I find the connections it draws amusing. Since I'm not the inventor of the word "refuggle," I can't say that I know its etymology or how it relates to "refugee." But I guess this is one weakness of LLMs: they're bad at admitting they don't have an answer.
Like "gua" in the dictionary means cave but in some dialects it's an informal "I". Sometimes it gets shortened to the phonetic "gue", sometimes "gu" which is similar to "aku" shortened to "ku", which is another form of "I". Really we have like 7 different ways to say informal "I". I think the tool guesses it as Chinese.
Malaysian tends to remove affixes when shortened, while Indonesian removes vowels but keeps the affixes, so something like "come here quickly" might be shortened to "come quick" or "here2 qkly". Less etymology, more about encoding.
- phonenose: The ability to detect sounds or voices through the nose
- legpc: Acronym for Laptop Easy Personal Computer
- gitls: A command in Git to list files
- housefreezing: The action of hardening a house with cold
- uncleftish beholding[2]: The act of viewing something that is whole
In any case it's fun to play with and the UI is nice too.
Note, the title looks editorialized, it's currently "A AI etymology deconstructor – can guess fake words", but the website says just "deconstructor.".
[1]: https://en.wikipedia.org/wiki/Charles_Babbage
[2]: https://en.wikipedia.org/wiki/Uncleftish_Beholding
https://deconstructor.ayush.digital/w/Deundehydrate
"to reverse the process of reversing the removal of water"
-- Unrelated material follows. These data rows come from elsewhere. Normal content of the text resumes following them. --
Let flat_contrib_from_new d : d \in labels (u ++ v) -> ind_contrib W pos_sign a d = 0.
Proof.
move=> dw; rewrite flat_contribE /tailpos /headpos.
case/andP: (index_old true dw) => ? ?; case/andP: (index_old false dw) => ? ?.
case: b index_new_tail index_new_head => /= -> ->.
  by rewrite !right_arc_short.
by rewrite !right_arc_short_rev.
Qed.

Lemma flat_writhe_R1 : flat_writhe W =1 flat_writhe (u ++ v).
Proof.
move=> n; rewrite /flat_writhe (perm_big _ labels_R1) big_cons.
have -> : flat_index W a = 0.
  rewrite /flat_index /Ind (perm_big _ labels_R1) big_cons eqxx /=.
  by rewrite big_seq_cond big1 // => d /andP [dw _]; apply: flat_contrib_from_new.
rewrite /= delta_pm0 add0r; apply: eq_big_seq => c cw; congr delta_pm.
rewrite /flat_index /Ind (perm_big _ labels_R1) big_cons eq_sym.
rewrite (fresh_labels a_fresh cw) /= flat_contrib_to_new // add0r.
rewrite big_seq_cond [in RHS]big_seq_cond; apply: eq_bigr => d /andP [dw _].
by apply: flat_contrib_insert; apply: old_notin_X.
Qed.
End R1.

Ltac decide_ltn := repeat match goal with |- context [(?x < ?y)%N] =>
  first [ rewrite (_ : (x < y)%N = true); last by lia
        | rewrite (_ : (x < y)%N = false); last by lia ] end.
(* Let $X$ be an infinite-dimensional Banach space over $\mathbb{K}\in\{\mathbb{R},\mathbb{C}\}$, let $\varepsilon>0$, $n\in\mathbb{N}$, and $\varphi_1,\dots,\varphi_n\in X^*\setminus\{0\}$, and put $A=\{x\in X: |\varphi_i(x)|<\varepsilon\text{ for all }i=1,\dots,n\}$. Then: (i) $\dim\big(\bigcap_{i=1}^n\ker\varphi_i\big)=\dim X$, and every linear subspace $W\subset A$ with $\dim W<\dim X$ satisfies $W\subset\bigcap_{i=1}^n\ker\varphi_i$; consequently, for every cardinal $\alpha<\dim X$, $A$ is $(\alpha,\dim X)$-spaceable (with respect to the norm topology). (ii) There exists $x\in A$ such that no linear subspace $W$ of $X$ satisfies $x\in W\subset A\cup\{0\}$; in particular $A$ is not pointwise lineable (hence not pointwise spaceable).
   Context: $X^*$ denotes the topological dual of $X$; $\dim$ denotes algebraic (Hamel) dimension. For a vector space $V$ and a cardinal $\alpha$, a subset $A\subset V$ is $\alpha$-lineable if $A\cup\{0\}$ contains a linear subspace of dimension $\alpha$. For cardinals $\alpha<\beta\le\dim V$, $A$ is $(\alpha,\beta)$-spaceable if $A$ is $\alpha$-lineable and for every linear subspace $W_\alpha\subset A\cup\{0\}$ with $\dim W_\alpha=\alpha$ there is a closed linear subspace $W_\beta$ with $\dim W_\beta=\beta$ and $W_\alpha\subset W_\beta\subset A\cup\{0\}$. $A$ is pointwise lineable if for each $x\in A$ there is an infinite-dimensional linear subspace $W_x$ with $x\in W_x\subset A\cup\{0\}$; pointwise spaceable is the same with $W_x$ required to be closed. *)

From mathcomp Require Import all_boot all_order all_algebra.
From mathcomp Require Import all_classical all_reals all_analysis.
From mathcomp Require Export complex.
Export numFieldNormedType.Exports.
Set Implicit Arguments.
Unset Strict Implicit.
Unset Printing Implicit Defensive.
Import Order.TTheory GRing.Theory Num.Theory.
Local Open Scope classical_set_scope.
Local Open Scope ring_scope.

Section LinAlg.
Context {K : numFieldType} {V : lmodType K}.

Definition lsubspace (W : set V) : Prop :=
  W 0 /\ forall (a : K) (x y : V), W x -> W y -> W (a *: x + y).

Definition lspan (B : set V) : set V :=
  [set x | exists (s : seq V) (c : V -> K),
     (forall v, v \in s -> B v) /\ x = \sum_(v <- s) c v *: v].

Definition lin_indep (B : set V) : Prop :=
  forall (s : seq V) (c : V -> K), uniq s -> (forall v, v \in s -> B v) ->
    \sum_(v <- s) c v *: v = 0 -> forall v, v \in s -> c v = 0.

Definition hamel_basis (W B : set V) : Prop :=
  B `<=` W /\ lin_indep B /\ lspan B = W.

Definition dim_is (W : set V) {T : Type} (S : set T) : Prop :=
  exists B, hamel_basis W B /\ (B #= S)%card.

Definition dim_eq (W W' : set V) : Prop :=
  exists B B', hamel_basis W B /\ hamel_basis W' B' /\ (B #= B')%card.

Definition dim_lt (W W' : set V) : Prop :=
  exists B B', hamel_basis W B /\ hamel_basis W' B' /\
    (B #<= B')%card /\ ~ (B' #<= B)%card.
There is clearly no such word, but a human would probably infer such a meaning.
I'm amazed at how unamazed we all seem to have become at such feats. We need more deunnamazing
In other words, a false etymology constructor, not an etymology deconstructor :)
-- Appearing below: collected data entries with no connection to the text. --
(* Let $q$ be a prime power, let $\mathcal{F}=(\mathcal{F}_1,\ldots,\mathcal{F}_r)$ be a flag on $\mathbb{F}_{q^n}$ whose best friend is the subfield $\mathbb{F}_{q^m}$, and let $\beta\in\mathbb{F}_{q^n}^*$. For $1\le i\le r$ let $\mathbb{F}_{q^{m_i}}$ denote the best friend of $\mathcal{F}_i$. Then $\mathrm{Orb}_\beta(\mathcal{F})$ is disjoint if and only if $$\langle\beta\rangle\cap\mathbb{F}_{q^m}^*=\langle\beta\rangle\cap\mathbb{F}_{q^{m_1}}^*=\cdots=\langle\beta\rangle\cap\mathbb{F}_{q^{m_r}}^*.$$ In particular, the cyclic orbit flag code $\mathrm{Orb}(\mathcal{F})$ is disjoint if and only if all the subspaces $\mathcal{F}_1,\ldots,\mathcal{F}_r$ have $\mathbb{F}_{q^m}$ as their best friend.
   Context: A flag on $\mathbb{F}_{q^n}$ is a sequence $(\mathcal{F}_1,\ldots,\mathcal{F}_r)$ of $\mathbb{F}_q$-subspaces with $\{0\}\subsetneq\mathcal{F}_1\subsetneq\cdots\subsetneq\mathcal{F}_r\subsetneq\mathbb{F}_{q^n}$. For $\gamma\in\mathbb{F}_{q^n}^*$, $\mathcal{U}\gamma=\{u\gamma:u\in\mathcal{U}\}$, $\mathcal{F}\gamma=(\mathcal{F}_1\gamma,\ldots,\mathcal{F}_r\gamma)$; $\mathrm{Orb}_\beta(\mathcal{F})=\{\mathcal{F}\beta^j:0\le j\le|\beta|-1\}$ with $|\beta|$ the multiplicative order, and $\mathrm{Orb}(\mathcal{F})=\{\mathcal{F}\gamma:\gamma\in\mathbb{F}_{q^n}^*\}$. A subfield $\mathbb{F}_{q^k}$ is a friend of a subspace $\mathcal{U}$ if $\mathcal{U}$ is an $\mathbb{F}_{q^k}$-vector space, and a friend of $\mathcal{F}$ if it is a friend of every $\mathcal{F}_i$; the best friend is the largest friend. For a set $\mathcal{C}$ of flags, its $i$-th projected code $\mathcal{C}_i$ is the set of $i$-th subspaces of its flags; $\mathcal{C}$ is disjoint if $|\mathcal{C}_1|=\cdots=|\mathcal{C}_r|=|\mathcal{C}|$. *)

From HB Require Import structures.
From mathcomp Require Import all_boot all_order all_algebra all_fingroup all_field.
Set Implicit Arguments. Unset Strict Implicit. Unset Printing Implicit Defensive.
Import GRing.Theory.
Local Open Scope ring_scope.

(* Setting: F = F_q is a finite field, L = F_{q^n} is a finite field extension
   of F (fieldExtType F).  F_q-subspaces of L are {vspace L}; the subfields
   F_{q^k} of L (all of which contain F_q) are {subfield L}. *)

Section Flags.
Variables (F : finFieldType) (L : fieldExtType F).

Definition vmul (U : {vspace L}) (g : L) : {vspace L} := (U * <[g]>)%VS.

Definition is_flag (r : nat) (Fl : {ffun 'I_r -> {vspace L}}) : Prop :=
  (forall i : 'I_r, Fl i != 0%VS) /\
  (forall i : 'I_r, Fl i != fullv) /\
  (forall i j : 'I_r, (i < j)%N -> (Fl i <= Fl j)%VS /\ Fl i != Fl j).

Definition flag_mul (r : nat) (Fl : {ffun 'I_r -> {vspace L}}) (g : L)
  : {ffun 'I_r -> {vspace L}} := [ffun i => vmul (Fl i) g].

(* K is a friend of U : U is a K-vector space, i.e. K U <= U. *)
Definition friend (K : {subfield L}) (U : {vspace L}) : bool := (K * U <= U)%VS.

Definition best_friend (K : {subfield L}) (U : {vspace L}) : Prop :=
  friend K U /\ forall K' : {subfield L}, friend K' U -> (K' <= K)%VS.

Definition flag_friend r (K : {subfield L}) (Fl : {ffun 'I_r -> {vspace L}}) :=
  forall i : 'I_r, friend K (Fl i).

Definition flag_best_friend r (K : {subfield L}) (Fl : {ffun 'I_r -> {vspace L}})
  : Prop :=
  flag_friend K Fl /\ forall K' : {subfield L}, flag_friend K' Fl -> (K' <= K)%VS.

(* Multiplicative order |beta| of a nonzero beta: the least k >= 1 with
   beta^k = 1 (searched in [1, #|L|], which always contains it). *)
Definition mult_order (b : L) : nat :=
  head 0%N [seq k <- iota 1 #|finvect_type L| | b ^+ k == 1].

Definition orb_beta r (Fl : {ffun 'I_r -> {vspace L}}) (b : L)
  : seq {ffun 'I_r -> {vspace L}} :=
  undup [seq flag_mul Fl (b ^+ j) | j <- iota 0 (mult_order b)].

Definition orb r (Fl : {ffun 'I_r -> {vspace L}})
  : seq {ffun 'I_r -> {vspace L}} :=
  undup [seq flag_mul Fl (g : L) | g <- enum [pred x : finvect_type L | x != 0]].

Definition disjoint_code r (C : seq {ffun 'I_r -> {vspace L}}) : Prop :=
  forall i : 'I_r, size (undup (map (fun c : {ffun 'I_r -> {vspace L}} => c i) C)) = size C.

Definition cyc_cap_eq (b : L) (K K' : {subfield L}) : Prop :=
  forall k : nat, (b ^+ k \in K) = (b ^+ k \in K').

End Flags.

From HB Require Import structures.
From mathcomp Require Import all_boot all_order all_algebra all_fingroup all_field.
Import GRing.Theory.
Local Open Scope ring_scope.
Set Implicit Arguments. Unset Strict Implicit.

(* Both codes are orbits [{F g : g in G}] of a group [G] of nonzero elements
   ([G = <beta>] or [G = F_{q^n}^*]).  Since [F_i x = F_i y] iff [x / y]
   stabilizes [F_i], and the stabilizer of a subspace (resp. flag) is its
   best friend (the subfield generated by a stabilizing [g] is a friend),
   the projection [F g |-> F_i g] is injective on the orbit exactly when
   [G] meets the best friends of [F] and of [F_i] in the same elements. *)

Section UndupMap.
Variables (T U : eqType).

Lemma map_uniq_inj_in (g : T -> U) (C : seq T) :
  uniq (map g C) -> {in C &, injective g}.
Proof.
elim: C => //= x C IHC /andP[gxC uC] y z.
rewrite !inE => /predU1P[-> | yC] /predU1P[-> | zC] // gyz.
- by rewrite gyz map_f in gxC.
- by rewrite -gyz map_f in gxC.
- exact: IHC.
Qed.

Lemma size_undup_mapP (g : T -> U) (C : seq T) :
  uniq C -> size (undup (map g C)) = size C <-> {in C &, injective g}.
Proof.
move=> uC; split=> [sizeE | g_inj]; last by rewrite undup_id ?size_map ?map_inj_in_uniq.
apply: map_uniq_inj_in; apply/negPn/negP.
by rewrite -ltn_size_undup sizeE size_map ltnn.
Qed.

Lemma size_undup_map_compP (V : eqType) (f : V -> T) (g : T -> U) (s : seq V) :
  size (undup (map g (undup (map f s)))) = size (undup (map f s)) <->
  {in s &, forall x y, g (f x) = g (f y) -> f x = f y}.
Proof.
apply: iff_trans (size_undup_mapP _ (undup_uniq _)) _.
split=> [g_inj x y xs ys | gf_inj u v]; first by apply: g_inj; rewrite mem_undup map_f.
by rewrite !mem_undup => /mapP[x xs ->] /mapP[y ys ->]; apply: gf_inj.
Qed.

End UndupMap.

Section Stabilizers.
Variables (F : finFieldType) (L : fieldExtType F).
Implicit Types (U : {vspace L}) (K : {subfield L}) (x y g : L).

Lemma mem_vmul U g u : u \in U -> u * g \in vmul U g.
Proof. by move=> uU; apply: memv_mul uU (memv_line g). Qed.

Lemma vmulA U x y : vmul (vmul U x) y = vmul U (x * y).
Proof. by rewrite /vmul -prodvA prodv_line. Qed.

Lemma vmul1 U : vmul U 1 = U.
Proof. by rewrite /vmul prodv1. Qed.

Lemma vmul_eq_divP U x y :
  y != 0 -> vmul U x = vmul U y <-> vmul U (x / y) = U.
Proof.
move=> y0; split=> [Uxy | Uxy]; first by rewrite -vmulA Uxy vmulA mulfV ?vmul1.
by rewrite -{1}(divfK y0 x) -vmulA Uxy.
Qed.

Lemma friend_vmul_id K U g : friend K U -> g \in K -> g != 0 -> vmul U g = U.
Proof.
move=> KU gK g0; apply/eqP; rewrite eqEdim dim_cosetv // leqnn andbT.
by rewrite /vmul prodvC; apply: subv_trans KU; rewrite prodvSl // -memvE.
Qed.

Lemma vmul_id_friend_adjoin U g : vmul U g = U -> friend <<1; g>>%AS U.
Proof.
move=> Ug; apply/prodvP => _ u /Fadjoin1_polyP[p ->] uU.
have gU w : w \in U -> g * w \in U by rewrite mulrC -{2}Ug; apply: mem_vmul.
have gXU i w : w \in U -> g ^+ i * w \in U.
  by elim: i w => [|i IHi] w wU; rewrite ?mul1r // exprSr -mulrA IHi ?gU.
rewrite horner_coef mulr_suml; apply: memv_suml => i _.
by rewrite coef_map /= -mulrA mulr_algl memvZ ?gXU.
Qed.

Lemma best_friend_stabP K U g :
  best_friend K U -> g != 0 -> vmul U g = U <-> g \in K.
Proof.
case=> KU maxK g0; split=> [/vmul_id_friend_adjoin/maxK | ]; first by rewrite sub_adjoin1v.
by move=> gK; apply: friend_vmul_id gK g0.
Qed.

Variable r : nat.
Implicit Type Fl : {ffun 'I_r -> {vspace L}}.

Lemma flag_mulA Fl x y : flag_mul (flag_mul Fl x) y = flag_mul Fl (x * y).
Proof. by apply/ffunP => i; rewrite !ffunE vmulA. Qed.

Lemma flag_mul1 Fl : flag_mul Fl 1 = Fl.
Proof. by apply/ffunP => i; rewrite ffunE vmul1. Qed.

Lemma flag_mul_eq_divP Fl x y :
  y != 0 -> flag_mul Fl x = flag_mul Fl y <-> flag_mul Fl (x / y) = Fl.
Proof.
move=> y0; split=> [Fxy | Fxy]; first by rewrite -flag_mulA Fxy flag_mulA mulfV ?flag_mul1.
by rewrite -{1}(divfK y0 x) -flag_mulA Fxy.
Qed.

Lemma flag_best_friend_stabP K Fl g :
  flag_best_friend K Fl -> g != 0 -> flag_mul Fl g = Fl <-> g \in K.
Proof.
case=> KFl maxK g0; split=> [Fg | gK].
  rewrite -sub_adjoin1v; apply: maxK => i; apply: vmul_id_friend_adjoin.
  by rewrite -[in RHS]Fg ffunE.
by apply/ffunP => i; rewrite ffunE (friend_vmul_id (KFl i)).
Qed.

End Stabilizers.

Section OrbitCodes.
Variables (F : finFieldType) (L : fieldExtType F) (r : nat).
Variables (Fl : {ffun 'I_r -> {vspace L}}) (K : {subfield L}) (Ki : 'I_r -> {subfield L}).
Hypothesis K_best : flag_best_friend K Fl.
Hypothesis Ki_best : forall i, best_friend (Ki i) (Fl i).

Lemma flag_best_friend_sub i : (K <= Ki i)%VS.
Proof. exact: (Ki_best i).2 _ (K_best.1 i). Qed.

Lemma best_friend_entryP i : best_friend K (Fl i) <-> K =i Ki i.
Proof.
split=> [[_ maxK] x | KKi].
  by apply/idP/idP => [/(subvP (flag_best_friend_sub i)) |
                       /(subvP (maxK _ (Ki_best i).1))].
split=> [|K' /(Ki_best i).2 KKi']; first exact: K_best.1.
by apply/subvP => x /(subvP KKi'); rewrite KKi.
Qed.

Lemma disjoint_orbit_codeP (s : seq L) :
  0 \notin s -> 1 \in s -> {in s &, forall x y, x / y \in s} ->
  disjoint_code (undup (map (flag_mul Fl) s)) <->
  forall i, {in s, forall g, (g \in K) = (g \in Ki i)}.
Proof.
move=> s0 s1 s_div; have s_neq0 := memPn s0.
split=> [disj i g gs | capE i].
  apply/idP/idP => [/(subvP (flag_best_friend_sub i)) // | gKi].
  have g0 := s_neq0 g gs; apply/(flag_best_friend_stabP K_best g0).
  have /size_undup_map_compP Fi_inj := disj i.
  rewrite -[RHS]flag_mul1; apply: Fi_inj gs s1 _.
  by rewrite !ffunE vmul1; apply/(best_friend_stabP (Ki_best i) g0).
apply/size_undup_map_compP => x y xs ys.
have y0 := s_neq0 y ys; have xy0 := s_neq0 _ (s_div x y xs ys).
rewrite !ffunE => /(vmul_eq_divP _ _ y0) /(best_friend_stabP (Ki_best i) xy0).
rewrite -capE ?s_div // => /(flag_best_friend_stabP K_best xy0).
by move=> Fxy; apply/(flag_mul_eq_divP _ _ y0).
Qed.

End OrbitCodes.

Section Powers.
Variables (F : finFieldType) (L : fieldExtType F) (b : L).
Hypothesis b0 : b != 0.

Lemma mult_orderP : (0 < mult_order b)%N /\ b ^+ mult_order b = 1.
Proof.
set n := #|finvect_type L|.
have n_gt1 : (1 < n)%N by apply: card_finNzRing_gt1.
have n_gt0 := ltnW n_gt1.
have bn1 : b ^+ n.-1 = 1.
  apply: (mulIf b0); rewrite mul1r -exprSr (prednK n_gt0).
  exact: (@expf_card (finvect_type L) b).
rewrite /mult_order -/n.
set s := [seq k <- iota 1 n | b ^+ k == 1].
have : n.-1 \in s.
  by rewrite mem_filter bn1 eqxx mem_iota -ltnS (prednK n_gt0) n_gt1 add1n leqnSn.
case Es: s => [|h t] // _.
have : h \in s by rewrite Es mem_head.
by rewrite mem_filter mem_iota => /andP[/eqP -> /andP[]].
Qed.

Definition powers : seq L := [seq b ^+ j | j <- iota 0 (mult_order b)].

Lemma expr_mod_mult_order k : b ^+ k = b ^+ (k %% mult_order b).
Proof.
have [_ bN1] := mult_orderP.
by rewrite {1}(divn_eq k (mult_order b)) exprD mulnC exprM bN1 expr1n mul1r.
Qed.

Lemma mem_powers k : b ^+ k \in powers.
Proof.
have [N_gt0 _] := mult_orderP.
by rewrite expr_mod_mult_order map_f // mem_iota ltn_pmod.
Qed.

Lemma mem1_powers : 1 \in powers.
Proof. by rewrite -(expr0 b) mem_powers. Qed.

Lemma powers_neq0 : 0 \notin powers.
Proof. by apply/mapP => -[j _ /eqP]; rewrite eq_sym expf_eq0 (negbTE b0) andbF. Qed.

Lemma powers_div : {in powers &, forall x y, x / y \in powers}.
Proof.
have [_ bN1] := mult_orderP.
move=> x y /mapP[j _ ->] /mapP[k]; rewrite mem_iota => /andP[_ k_lt] ->.
have bk0 : b ^+ k != 0 by rewrite expf_neq0.
suff -> : b ^+ j / b ^+ k = b ^+ (j + (mult_order b - k)) by apply: mem_powers.
apply: (mulIf bk0); rewrite divfK // -exprD -addnA subnK ?(ltnW k_lt) //.
by rewrite exprD bN1 mulr1.
Qed.

Lemma orb_beta_powers r (Fl : {ffun 'I_r -> {vspace L}}) :
  orb_beta Fl b = undup (map (flag_mul Fl) powers).
Proof. by rewrite /orb_beta /powers -map_comp. Qed.

Lemma cyc_cap_eq_powersP (K K' : {subfield L}) :
  cyc_cap_eq b K K' <-> {in powers, forall g, (g \in K) = (g \in K')}.
Proof.
split=> [capE x /mapP[j _ ->] | capE k]; first exact: capE.
by apply: capE; apply: mem_powers.
Qed.

End Powers.

Section NonzeroElements.
Variables (F : finFieldType) (L : fieldExtType F).

Definition nonzero_elements : seq L := enum [pred x : finvect_type L | x != 0].

Lemma mem_nonzero_elements x : (x \in nonzero_elements) = (x != 0).
Proof. exact: (@mem_enum (finvect_type L) [pred y : finvect_type L | y != 0] x). Qed.

Lemma nonzero_elements_neq0 : 0 \notin nonzero_elements.
Proof. by rewrite mem_nonzero_elements eqxx. Qed.

Lemma mem1_nonzero_elements : 1 \in nonzero_elements.
Proof. by rewrite mem_nonzero_elements oner_neq0. Qed.

Lemma nonzero_elements_div :
  {in nonzero_elements &, forall x y, x / y \in nonzero_elements}.
Proof.
by move=> x y; rewrite !mem_nonzero_elements => x0 y0; rewrite mulf_neq0 ?invr_eq0.
Qed.

Lemma orb_nonzero_elements r (Fl : {ffun 'I_r -> {vspace L}}) :
  orb Fl = undup (map (flag_mul Fl) nonzero_elements).
Proof. by []. Qed.

Lemma nonzero_elements_capP (K K' : {subfield L}) :
  {in nonzero_elements, forall g, (g \in K) = (g \in K')} <-> (K =i K').
Proof.
split=> [capE x | KK' x _]; last exact: KK'.
by have [-> | x0] := eqVneq x 0; rewrite ?mem0v // capE ?mem_nonzero_elements.
Qed.

End NonzeroElements.

Theorem proposition4p19 (F : finFieldType) (L : fieldExtType F) (r : nat)
    (Fl : {ffun 'I_r -> {vspace L}}) (K : {subfield L})
    (Ki : 'I_r -> {subfield L}) (b : L) :
  is_flag Fl ->
  flag_best_friend K Fl ->
  (forall i : 'I_r, best_friend (Ki i) (Fl i)) ->
  b != 0 ->
  (disjoint_code (orb_beta Fl b) <->
     (forall i : 'I_r, cyc_cap_eq b K (Ki i))) /\
  (disjoint_code (orb Fl) <-> (forall i : 'I_r, best_friend K (Fl i))).
Proof.
move=> _ K_best Ki_best b0; split.
  rewrite orb_beta_powers.
  apply: iff_trans (disjoint_orbit_codeP K_best Ki_best (powers_neq0 b0)
    (mem1_powers b0) (powers_div b0)) _.
  by split=> capE i; apply/(cyc_cap_eq_powersP b0); apply: capE.
rewrite orb_nonzero_elements.
apply: iff_trans (disjoint_orbit_codeP K_best Ki_best (@nonzero_elements_neq0 _ L)
  (@mem1_nonzero_elements _ L) (@nonzero_elements_div _ L)) _.
have best_friendP := best_friend_entryP K_best Ki_best.
split=> capE i; first by apply/best_friendP/nonzero_elements_capP.
by apply/nonzero_elements_capP; apply/best_friendP.
Qed.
"KI-Philologenstaunverunsicherung"
Breaking it down:
KI – (Künstliche Intelligenz, Artificial Intelligence) Philologen – (Philologists, scholars of language and linguistics) Staun – (from staunen, to marvel or be astonished) Verunsicherung – (a sense of uncertainty or unease)
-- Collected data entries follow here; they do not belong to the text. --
Lemma cont_gframe_combination {H : hilbert R} {Lam Theta : forall w, H -> K w}
    {L1 L2 L1s L2s : H -> H} {A : R} :
  cont_gframe mu Lam -> cont_gframe mu Theta -> strongly_disjoint mu Lam Theta ->
  bounded_op L1 -> bounded_op L2 -> is_adjoint L1 L1s -> is_adjoint L2 L2s ->
  0 < A -> (forall f, L1s (L1 f) + L2s (L2 f) = (A%:C)%C *: f) ->
  cont_gframe mu (fun w f => Lam w (L1 f) + Theta w (L2 f)).
Proof.
move=> [bLam [mLam [A1 [B1 [A1_gt0 [A1B1 frameLam]]]]]].
move=> [bTheta [mTheta [A2 [B2 [A2_gt0 [A2B2 frameTheta]]]]]].
move=> disj bL1 bL2 adj1 adj2 A_gt0 sumA.
split; [|split].
- by move=> w; apply: bounded_opD; apply: bounded_op_comp.
- by move=> f; apply: strongly_measurableD.
exists (Num.min A1 A2 * A), (Num.max B1 B2 * A).
split; first by rewrite mulr_gt0 // lt_min A1_gt0.
split; first by rewrite ler_pM2r // ge_min le_max A1B1.
move=> f; have [lo1 up1] := frameLam (L1 f); have [lo2 up2] := frameTheta (L2 f).
have finite_bound (x : \bar R) (b : R) : (x <= b%:E)%E -> (x < +oo)%E.
  by move=> /le_lt_trans; apply; exact: ltry.
rewrite (integral_sqr_hnormD (mLam (L1 f)) (mTheta (L2 f)) (finite_bound _ _ up1)
  (finite_bound _ _ up2)); last by move: (congr1 (@complex.Re R) (disj (L1 f) (L2 f))).
have normsA := sqr_hnorm_adjoint_sum f adj1 adj2 sumA.
have L1f_ge0 := sqr_ge0 (hnorm (L1 f)); have L2f_ge0 := sqr_ge0 (hnorm (L2 f)).
have minA1 : Num.min A1 A2 <= A1 by rewrite ge_min lexx.
have minA2 : Num.min A1 A2 <= A2 by rewrite ge_min lexx orbT.
have maxB1 : B1 <= Num.max B1 B2 by rewrite le_max lexx.
have maxB2 : B2 <= Num.max B1 B2 by rewrite le_max lexx orbT.
split.
- by apply: le_trans (leeD lo1 lo2); rewrite -EFinD lee_fin; nra.
- by apply: le_trans (leeD up1 up2) _; rewrite -EFinD lee_fin; nra.
Qed.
https://chatgpt.com/share/67d80661-4bb4-8012-9328-77d56af52b...
Yeah, no. I tried the same word five times to test for inconsistencies. I don’t appreciate you weren’t straightforward with the limits and am not going to give you my email to “continue my language journey”. The fact you’re already using euphemisms like that makes me strongly distrust what you’d do with an email address.
Words always end up getting broken with speech in a different way to the meaning.
Eg I put in pandemonium which you say as pande-moniun but I just learned is pan-demon-ium which makes a lot more sense!
Very cool. Well done.
https://deconstructor.ayush.digital/w/antecarburetorism
This is interesting because it may eventually become the case that we should interpret other human texts through an LLM because it is better at understanding than many of us are.
My prompt, in case you are curious:
> I came across a HN story titled “AI etymology deconstructor - can guess fake words”. I want you to interpret the title and describe what this does. Then I’ll give you the chance to provide a test word and you will reinterpret the title.